◆ WHAT TO PRODUCE ◆
Copy verbatim the block of lines in the entries below whose first line contains "have sqrt_b_gt0 : 0" and whose last line contains "(* With [X = sqrt". Leave out all other lines.

Saved entries
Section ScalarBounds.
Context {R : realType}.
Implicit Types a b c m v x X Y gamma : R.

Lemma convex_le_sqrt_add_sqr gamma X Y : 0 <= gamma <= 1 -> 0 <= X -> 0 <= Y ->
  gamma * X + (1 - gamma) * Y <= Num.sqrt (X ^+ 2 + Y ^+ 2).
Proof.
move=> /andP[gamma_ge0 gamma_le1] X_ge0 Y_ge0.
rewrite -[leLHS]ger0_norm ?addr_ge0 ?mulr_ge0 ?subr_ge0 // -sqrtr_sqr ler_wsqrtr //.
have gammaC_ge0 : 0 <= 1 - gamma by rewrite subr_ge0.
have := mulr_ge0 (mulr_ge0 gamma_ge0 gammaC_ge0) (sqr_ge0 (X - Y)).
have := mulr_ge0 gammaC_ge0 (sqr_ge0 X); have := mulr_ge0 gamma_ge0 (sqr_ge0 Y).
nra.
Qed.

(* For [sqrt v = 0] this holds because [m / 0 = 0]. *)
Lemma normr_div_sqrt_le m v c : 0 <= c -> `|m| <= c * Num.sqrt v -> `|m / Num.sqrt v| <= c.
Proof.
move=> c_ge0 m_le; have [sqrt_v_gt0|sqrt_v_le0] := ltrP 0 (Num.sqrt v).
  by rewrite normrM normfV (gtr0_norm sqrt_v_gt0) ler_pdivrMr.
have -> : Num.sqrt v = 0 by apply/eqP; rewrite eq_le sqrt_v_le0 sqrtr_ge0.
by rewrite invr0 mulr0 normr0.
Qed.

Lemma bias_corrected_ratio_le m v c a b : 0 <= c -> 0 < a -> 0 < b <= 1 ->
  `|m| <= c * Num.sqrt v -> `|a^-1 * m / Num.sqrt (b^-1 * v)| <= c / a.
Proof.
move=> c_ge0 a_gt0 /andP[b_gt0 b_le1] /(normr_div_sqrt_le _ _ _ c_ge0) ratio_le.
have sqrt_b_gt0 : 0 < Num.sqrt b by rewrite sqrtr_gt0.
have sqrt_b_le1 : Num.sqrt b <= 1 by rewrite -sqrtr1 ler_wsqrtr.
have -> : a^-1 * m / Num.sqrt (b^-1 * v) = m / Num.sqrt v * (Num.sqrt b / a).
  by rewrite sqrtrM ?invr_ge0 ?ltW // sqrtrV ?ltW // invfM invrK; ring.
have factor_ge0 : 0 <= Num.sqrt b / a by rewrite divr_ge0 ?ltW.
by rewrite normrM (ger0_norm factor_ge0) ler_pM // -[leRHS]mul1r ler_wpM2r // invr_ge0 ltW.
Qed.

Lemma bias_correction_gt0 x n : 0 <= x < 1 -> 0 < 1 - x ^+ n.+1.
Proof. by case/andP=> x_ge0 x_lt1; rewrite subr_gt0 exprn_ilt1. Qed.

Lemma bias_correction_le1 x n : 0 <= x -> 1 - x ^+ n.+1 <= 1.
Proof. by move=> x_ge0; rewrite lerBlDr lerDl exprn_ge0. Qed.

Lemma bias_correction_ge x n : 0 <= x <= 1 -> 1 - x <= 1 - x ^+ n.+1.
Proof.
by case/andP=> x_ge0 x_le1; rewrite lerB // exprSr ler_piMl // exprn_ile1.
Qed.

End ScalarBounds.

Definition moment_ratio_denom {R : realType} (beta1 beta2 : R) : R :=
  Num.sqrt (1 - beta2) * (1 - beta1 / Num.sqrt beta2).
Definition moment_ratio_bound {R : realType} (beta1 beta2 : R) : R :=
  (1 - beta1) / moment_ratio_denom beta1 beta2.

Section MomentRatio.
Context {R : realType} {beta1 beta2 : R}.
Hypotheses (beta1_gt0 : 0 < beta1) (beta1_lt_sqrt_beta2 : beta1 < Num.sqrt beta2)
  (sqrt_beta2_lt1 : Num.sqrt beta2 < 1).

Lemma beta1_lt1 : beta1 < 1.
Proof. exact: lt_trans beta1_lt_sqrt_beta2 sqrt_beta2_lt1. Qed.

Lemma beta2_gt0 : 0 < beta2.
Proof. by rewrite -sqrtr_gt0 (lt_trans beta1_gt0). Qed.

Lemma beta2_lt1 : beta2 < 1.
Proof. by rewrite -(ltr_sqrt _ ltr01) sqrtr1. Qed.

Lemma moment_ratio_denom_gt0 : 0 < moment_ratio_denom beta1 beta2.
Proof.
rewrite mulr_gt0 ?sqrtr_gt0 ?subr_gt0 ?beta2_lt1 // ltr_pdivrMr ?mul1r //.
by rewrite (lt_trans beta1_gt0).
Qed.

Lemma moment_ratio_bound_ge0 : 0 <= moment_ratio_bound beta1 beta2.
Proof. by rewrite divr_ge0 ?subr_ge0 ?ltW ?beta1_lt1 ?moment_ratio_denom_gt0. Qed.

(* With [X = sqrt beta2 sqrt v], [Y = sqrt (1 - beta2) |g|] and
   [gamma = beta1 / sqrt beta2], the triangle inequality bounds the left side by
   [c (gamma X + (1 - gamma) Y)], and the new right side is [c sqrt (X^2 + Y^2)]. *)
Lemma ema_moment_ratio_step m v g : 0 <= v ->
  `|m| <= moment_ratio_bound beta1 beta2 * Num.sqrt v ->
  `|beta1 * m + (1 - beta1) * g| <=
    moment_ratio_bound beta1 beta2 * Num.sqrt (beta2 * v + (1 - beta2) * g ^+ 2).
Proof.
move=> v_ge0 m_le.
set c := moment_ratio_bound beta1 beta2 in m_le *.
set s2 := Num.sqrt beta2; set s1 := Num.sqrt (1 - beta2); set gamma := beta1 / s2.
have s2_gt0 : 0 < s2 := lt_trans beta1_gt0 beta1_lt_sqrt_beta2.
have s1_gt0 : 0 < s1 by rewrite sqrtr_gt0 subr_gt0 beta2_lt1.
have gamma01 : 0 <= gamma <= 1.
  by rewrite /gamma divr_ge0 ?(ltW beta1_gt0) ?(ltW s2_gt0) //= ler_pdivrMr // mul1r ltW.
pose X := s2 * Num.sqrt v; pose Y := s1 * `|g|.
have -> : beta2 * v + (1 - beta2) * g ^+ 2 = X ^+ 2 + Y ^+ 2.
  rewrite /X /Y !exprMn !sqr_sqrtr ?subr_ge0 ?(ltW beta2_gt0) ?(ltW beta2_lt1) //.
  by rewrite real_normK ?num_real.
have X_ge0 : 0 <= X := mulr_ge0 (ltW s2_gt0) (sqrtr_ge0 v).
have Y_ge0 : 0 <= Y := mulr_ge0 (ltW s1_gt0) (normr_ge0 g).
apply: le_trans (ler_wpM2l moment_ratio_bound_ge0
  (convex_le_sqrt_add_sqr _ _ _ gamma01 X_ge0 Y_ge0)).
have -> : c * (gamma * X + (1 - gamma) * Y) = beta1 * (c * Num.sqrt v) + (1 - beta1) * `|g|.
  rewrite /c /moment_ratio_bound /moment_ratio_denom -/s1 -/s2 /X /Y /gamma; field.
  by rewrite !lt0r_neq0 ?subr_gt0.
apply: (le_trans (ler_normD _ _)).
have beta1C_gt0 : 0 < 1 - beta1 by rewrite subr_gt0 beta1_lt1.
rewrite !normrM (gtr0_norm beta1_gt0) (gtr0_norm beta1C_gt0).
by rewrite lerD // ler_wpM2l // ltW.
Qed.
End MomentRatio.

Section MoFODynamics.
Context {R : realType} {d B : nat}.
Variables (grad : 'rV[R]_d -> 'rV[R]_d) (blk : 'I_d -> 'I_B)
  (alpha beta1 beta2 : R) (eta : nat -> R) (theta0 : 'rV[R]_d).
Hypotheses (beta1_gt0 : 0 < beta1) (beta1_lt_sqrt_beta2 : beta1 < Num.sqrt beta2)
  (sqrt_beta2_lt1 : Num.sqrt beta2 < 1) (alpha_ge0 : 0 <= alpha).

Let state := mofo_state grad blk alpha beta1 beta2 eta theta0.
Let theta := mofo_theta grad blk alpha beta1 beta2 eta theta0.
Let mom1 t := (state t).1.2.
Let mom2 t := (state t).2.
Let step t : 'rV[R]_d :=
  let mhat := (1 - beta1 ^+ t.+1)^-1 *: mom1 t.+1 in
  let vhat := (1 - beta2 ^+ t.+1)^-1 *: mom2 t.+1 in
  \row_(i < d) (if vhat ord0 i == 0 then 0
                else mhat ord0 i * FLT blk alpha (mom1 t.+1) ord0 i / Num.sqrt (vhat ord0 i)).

◆ YOUR RESPONSE ◆
have sqrt_b_gt0 : 0 < Num.sqrt b by rewrite sqrtr_gt0.
have sqrt_b_le1 : Num.sqrt b <= 1 by rewrite -sqrtr1 ler_wsqrtr.
have -> : a^-1 * m / Num.sqrt (b^-1 * v) = m / Num.sqrt v * (Num.sqrt b / a).
  by rewrite sqrtrM ?invr_ge0 ?ltW // sqrtrV ?ltW // invfM invrK; ring.
have factor_ge0 : 0 <= Num.sqrt b / a by rewrite divr_ge0 ?ltW.
by rewrite normrM (ger0_norm factor_ge0) ler_pM // -[leRHS]mul1r ler_wpM2r // invr_ge0 ltW.
Qed.

Lemma bias_correction_gt0 x n : 0 <= x < 1 -> 0 < 1 - x ^+ n.+1.
Proof. by case/andP=> x_ge0 x_lt1; rewrite subr_gt0 exprn_ilt1. Qed.

Lemma bias_correction_le1 x n : 0 <= x -> 1 - x ^+ n.+1 <= 1.
Proof. by move=> x_ge0; rewrite lerBlDr lerDl exprn_ge0. Qed.

Lemma bias_correction_ge x n : 0 <= x <= 1 -> 1 - x <= 1 - x ^+ n.+1.
Proof.
by case/andP=> x_ge0 x_le1; rewrite lerB // exprSr ler_piMl // exprn_ile1.
Qed.

End ScalarBounds.

Definition moment_ratio_denom {R : realType} (beta1 beta2 : R) : R :=
  Num.sqrt (1 - beta2) * (1 - beta1 / Num.sqrt beta2).
Definition moment_ratio_bound {R : realType} (beta1 beta2 : R) : R :=
  (1 - beta1) / moment_ratio_denom beta1 beta2.

Section MomentRatio.
Context {R : realType} {beta1 beta2 : R}.
Hypotheses (beta1_gt0 : 0 < beta1) (beta1_lt_sqrt_beta2 : beta1 < Num.sqrt beta2)
  (sqrt_beta2_lt1 : Num.sqrt beta2 < 1).

Lemma beta1_lt1 : beta1 < 1.
Proof. exact: lt_trans beta1_lt_sqrt_beta2 sqrt_beta2_lt1. Qed.

Lemma beta2_gt0 : 0 < beta2.
Proof. by rewrite -sqrtr_gt0 (lt_trans beta1_gt0). Qed.

Lemma beta2_lt1 : beta2 < 1.
Proof. by rewrite -(ltr_sqrt _ ltr01) sqrtr1. Qed.

Lemma moment_ratio_denom_gt0 : 0 < moment_ratio_denom beta1 beta2.
Proof.
rewrite mulr_gt0 ?sqrtr_gt0 ?subr_gt0 ?beta2_lt1 // ltr_pdivrMr ?mul1r //.
by rewrite (lt_trans beta1_gt0).
Qed.

Lemma moment_ratio_bound_ge0 : 0 <= moment_ratio_bound beta1 beta2.
Proof. by rewrite divr_ge0 ?subr_ge0 ?ltW ?beta1_lt1 ?moment_ratio_denom_gt0. Qed.

(* With [X = sqrt beta2 sqrt v], [Y = sqrt (1 - beta2) |g|] and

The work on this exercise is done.